Les Sept Femmes de Barberousse, heureusement, ce sont bien plus que des décors. Le propos, comme souvent chez Donen, est détonnant. Voici Adam Pontipee (Howard Keel), grand fermier roux et quelque peu malappris, qui s’en vient chercher femme en ville : il trouve la perle rare en la personne de Millie (Jane Powell, délicieuse), la courtise en cinq minutes, l’épouse et la ramène chez lui… Sans la prévenir qu’il vit avec ses six frères, plus bourrus, sales et mal élevés encore. Millie prend les choses en main mais ne compte pas se laisser marcher sur les pieds. L’art du scénario des Sept Femmes est ainsi de naviguer entre une féroce misogynie (à prendre évidemment au second degré) — représentée à la fois par le personnage d’Adam et par les six jeunes femmes aimées des six frères, toutes plus bêtes et niaises les unes que les autres — et un féminisme exacerbé, où toute éducation ne peut venir que d’une personne, la femme — Millie en l’occurence — capable de s’adapter à la rude vie de l’Ouest américain tout en y apportant la civilisation…
Ce basculement thématique est incarné dans des scènes burlesques très drôles et des chansons aux paroles plutôt osées pour l’époque (écrites par le formidable Johnny Mercer), telle l’inoubliable « Sobbin’ Women », révision décalée de l’épisode mythique de l’enlèvement des Sabines :
Tell ya ’bout them sobbin’ women
Who lived in the Roman days.
It seems that they all went swimmin’
While their men was off to graze
Well, a Roman troop was ridin’ by
And saw them in their « me oh my »
So they took’em all back home to dry
Least that’s what Plutarch says.
(« Dans les temps anciens / Les Sabinettes / Leurs maris partis / Faisaient trempette / Les Romains / Les voyant ainsi trempées / Les emmenèrent / Pour les faire sécher / Plutarque l’a raconté. ») La censure finit même par intervenir, sans voir que la véritable ironie se trouvait ailleurs, pour changer le titre prévu à l’origine, jugé trop « inconvenant » (One Bride for Seven Brothers), et s’offusqua des paroles de la chanson « Lonesome Polecat » où les frères Pontipee s’attristent de leur sort : « Un homme ne peut pas dormir quand il dort avec des moutons. » Les temps changent…

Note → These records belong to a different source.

Definition parallel_schedule : Schedule :=
  {| proc := par_proc; Defs.sigma := fun q => INR (par_start q) |}.

Lemma par_spine a :
  par_proc (a * (L + 1) + L) = 0%nat /\ par_start (a * (L + 1) + L) = (L + a)%nat.
Proof. unfold par_proc, par_start. rewrite node_mod, node_div, Nat.eqb_refl; auto. Qed.

Lemma par_chain a b : (b < L)%nat ->
  par_proc (a * (L + 1) + b) = a /\ par_start (a * (L + 1) + b) = b.
Proof.
  intros Hb. unfold par_proc, par_start. rewrite node_mod, node_div by lia.
  destruct (Nat.eqb_spec b L); [lia|auto].
Qed.

Lemma parallel_valid : ValidSchedule caterpillar pebble p parallel_schedule.
Proof.
  apply valid_integer_schedule; simpl.
  - intros q Hq. destruct (node_decomp q) as (a & b & Hb & ->).
    destruct (Nat.eq_dec b L) as [->|HbL].
    + rewrite (proj1 (par_spine a)). lia.
    + rewrite (proj1 (par_chain a b ltac:(lia))). nia.
  - intros i j _ _ Hij. destruct (node_decomp i) as (a & b & Hb & ->).
    destruct (node_decomp j) as (c & d & Hd & ->).
    destruct (Nat.eq_dec b L) as [->|HbL]; [destruct (par_spine a) as [-> ->]
      |destruct (par_chain a b ltac:(lia)) as [-> ->]];
    (destruct (Nat.eq_dec d L) as [->|HdL]; [destruct (par_spine c) as [-> ->]
      |destruct (par_chain c d ltac:(lia)) as [-> ->]]); lia.
  - intros q Hq Hr. destruct (node_decomp q) as (a & b & Hb & ->).
    destruct (Nat.eq_dec b L) as [->|HbL].
    + rewrite cat_parent_spine, (proj2 (par_spine a)), (proj2 (par_spine (a + 1))). lia.
    + rewrite cat_parent_chain, (proj2 (par_chain a b ltac:(lia))) by lia.
      destruct (Nat.eq_dec (b + 1) L) as [Hb1|Hb1].
      * rewrite Hb1, (proj2 (par_spine a)). lia.
      * rewrite (proj2 (par_chain a (b + 1) ltac:(lia))). lia.
Qed.
Theorem theorem3 (n : nat) (hn : (2 <= n)%N) :
  (exists s, representatives n s) /\
  forall s : seq tree, representatives n s ->
    let r : rat := (dfact (2 * n - 2))%:R / (dfact (2 * n - 3))%:R in
    EU_D2 n s =
      (4 * n%:R ^+ 3 + 18 * n%:R ^+ 2 - 10 * n%:R) / 3
      - (n%:R * (n%:R + 3)) / 2 * r
      - (n%:R * (n%:R + 7)) / 4 * r ^+ 2.
Proof.
have n_gt0 : (0 < n)%N by apply: ltnW.
split; first by exists (enum_trees 1 (iota 2 n.-1)); apply: enum_trees_iota.
move=> s rs r; set E := dfE n; set O := dfO n.
have O_neq0 : O != 0 by rewrite pnatr_eq0 -lt0n dfact_gt0.
pose pair_sum (alpha q : rat) :=
  2 * (O * (((2 - 2 * q) * n%:R + q) * O - 3 * alpha * E) - (alpha * E - O) ^+ 2).
have pairs i j : (1 <= i)%N -> (i <= j <= n)%N ->
    \sum_(T1 <- s) \sum_(T2 <- s) ((phi T1 i j)%:R - (phi T2 i j)%:R) ^+ 2 =
    if i == j then pair_sum 1 (-1) else pair_sum 2^-1 3^-1.
  move=> i1 ijn; rewrite (sum_sqr_diff_phi i j n_gt0 rs).
  by have [-> ->] := phi_moments_representatives rs i1 ijn; case: eqP.
rewrite /EU_D2 /coph_dist2 exchange_pair_sums.
rewrite (sum_upper_triangle (d := pair_sum 1 (-1)) (o := pair_sum 2^-1 3^-1)).
- rewrite -2![pair_sum _ _ *+ _]mulr_natl (size_representatives n_gt0 rs) natr_bin2.
  by rewrite /r /pair_sum -/E -/O; field.
- by move=> i /andP[i1 iN]; rewrite pairs ?eqxx ?leqnn.
- by move=> i j i1 /andP[ij jN]; rewrite pairs ?(ltn_eqF ij) // ltnW.
Qed.
(* Let $m \geq 0$, $n \geq 1$ be integers and let $c = (c^t; c^b)$ be a sorted deterministically recurrent configuration on $K_{m,n}^0$. Run the following algorithm: let $T$ be the stack $(c^t_1, \ldots, c^t_m, n-1)$ and $B$ the stack $(c^b_1, \ldots, c^b_n)$, each with head its first (smallest) element, and let $w$ be the empty word. While both $T$ and $B$ are non-empty: (a) while $\mathrm{head}(T) > 0$ and $\mathrm{head}(B) > 0$, append $U$ to $w$ and decrease every entry of $T$ and of $B$ by $1$; (b) then, if $0 = \mathrm{head}(T) < \mathrm{head}(B)$, remove the head of $T$, append $H^E$ to $w$, and decrease every entry of $B$ by $1$; else if $0 = \mathrm{head}(B) < \mathrm{head}(T)$, remove the head of $B$, append $H^N$ to $w$, and decrease every entry of $T$ by $1$; else (both heads equal $0$) remove the heads of both $T$ and $B$ and append $D$ to $w$. After the loop, delete the final step (a $D$) of $w$ and output the resulting word $w(c)$. Then $w(c) = \Xi(\Phi(c))$; that is, $c \mapsto w(c)$ is the bijection $\Xi \circ \Phi$ from sorted deterministically recurrent configurations on $K_{m,n}^0$ to $\mathrm{Motz}_{m,n-1}$. Moreover, $\mathrm{level}(c) = \mathrm{Area}(w(c))$.
   Context: $K_{m,n}^0$ is the complete bipartite graph with ''top'' vertices $v^t_0, \ldots, v^t_m$ and ''bottom'' vertices $v^b_1, \ldots, v^b_n$, with an edge between every top and every bottom vertex; $v^t_0$ is the sink. A configuration is a vector $c = (c^t_1, \ldots, c^t_m; c^b_1, \ldots, c^b_n)$ of non-negative integers; it is sorted if $c^t$, $c^b$ are weakly increasing, stable if $c^t_i < n$ and $c^b_j < m+1$ for all $i,j$. Abelian sandpile model (ASM): an unstable non-sink vertex topples by sending one grain to each neighbour (bottom vertices also to the sink); grains sent to the sink disappear. In the Markov chain on stable configurations which adds a grain to a uniformly random non-sink vertex and stabilises by the ASM, a stable configuration is deterministically recurrent if it is a recurrent state. The level is $\mathrm{level}(c) := \sum_i c^t_i + \sum_j c^b_j - mn$. Labelled Motzkin paths: words in steps $U=(1,1)$, $D=(1,-1)$ and horizontal steps $H^N, H^E$ (both $=(1,0)$), starting and ending at height $0$ and never going below the $x$-axis; $\mathrm{Area}(w)$ is the area between the path and the $x$-axis. $\mathrm{Motz}_{m,n-1}$ is the set of such paths with $m+n-1$ steps, exactly $m$ of which are $U$ or $H^E$. A parallelogram polyomino in the box $[0,m+1]\times[0,n]$ is the set of unit cells between two lattice paths $\mathcal{U}$ (upper) and $\mathcal{L}$ (lower) from $(0,0)$ to $(m+1,n)$ with steps $N=(0,1)$, $E=(1,0)$, meeting only at their endpoints; necessarily $\mathcal{U} = (N, u_1, \ldots, u_{m+n-1}, E)$ and $\mathcal{L} = (E, \ell_1, \ldots, \ell_{m+n-1}, N)$. The map $\Xi$ sends such a polyomino to $w_1 \cdots w_{m+n-1}$ with $w_i = U$ if $(u_i,\ell_i) = (N,E)$, $w_i = H^N$ if $(u_i,\ell_i)=(N,N)$, $w_i = H^E$ if $(u_i,\ell_i) = (E,E)$, $w_i = D$ if $(u_i,\ell_i) = (E,N)$; it is known to be a bijection onto $\mathrm{Motz}_{m,n-1}$. The Dukes–Le Borgne map $\Phi$: for a sorted stable $c$, $\mathcal{U}(c^t)$ is the path from $(0,0)$ to $(m+1,n)$ whose $E$ steps occur at heights $1+c^t_1, \ldots, 1+c^t_m, n$, and $\mathcal{L}(c^b)$ the path from $(0,0)$ to $(m+1,n)$ whose $N$ steps occur at $x$-coordinates $1+c^b_1, \ldots, 1+c^b_n$; $\Phi(c)$ is the polyomino between them. It is known that $\Phi$ is a bijection from sorted deterministically recurrent configurations on $K_{m,n}^0$ to parallelogram polyominoes in $[0,m+1]\times[0,n]$. *)

From mathcomp Require Import all_boot all_order all_algebra.
Set Implicit Arguments.
Unset Strict Implicit.
Unset Printing Implicit Defensive.
Import Order.TTheory GRing.Theory Num.Theory.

Les Sept Femmes de Barberousse, l’une des dernières grandes comédies musicales classiques d’Hollywood, n’est pas encore le chant du cygne d’un genre qui disparaîtra lentement à partir de la fin des années 1950. Bien au contraire, on semble assister à un renouvellement bienfaisant : les chorégraphies orchestrées par le jeune Michael Kidd, semblent se tourner vers l’acrobatie virtuose plutôt que la danse traditionnelle ou les claquettes style Fred Astaire. Voir ainsi la mythique et très longue scène de la grange, où les frères Pontipee (dont l’un est interprété par Russ Tamblyn, futur héros de West Side Story) rivalisent d’habileté avec les « hommes de la ville » pour conquérir le cœur de leur belle. Ce qui inclut notamment — excusez du peu — des sauts périlleux sur de fines planches de bois à plusieurs mètres du sol ! L’ensemble des danses, extrêmement dynamiques, témoigne de la jeunesse de l’ensemble de l’équipe du film et de leur désir d’apporter un vent frais à Hollywood. Pari réussi, puisque cinquante ans plus tard, Les Sept Femmes de Barberousse n’a pas vieilli d’une ride.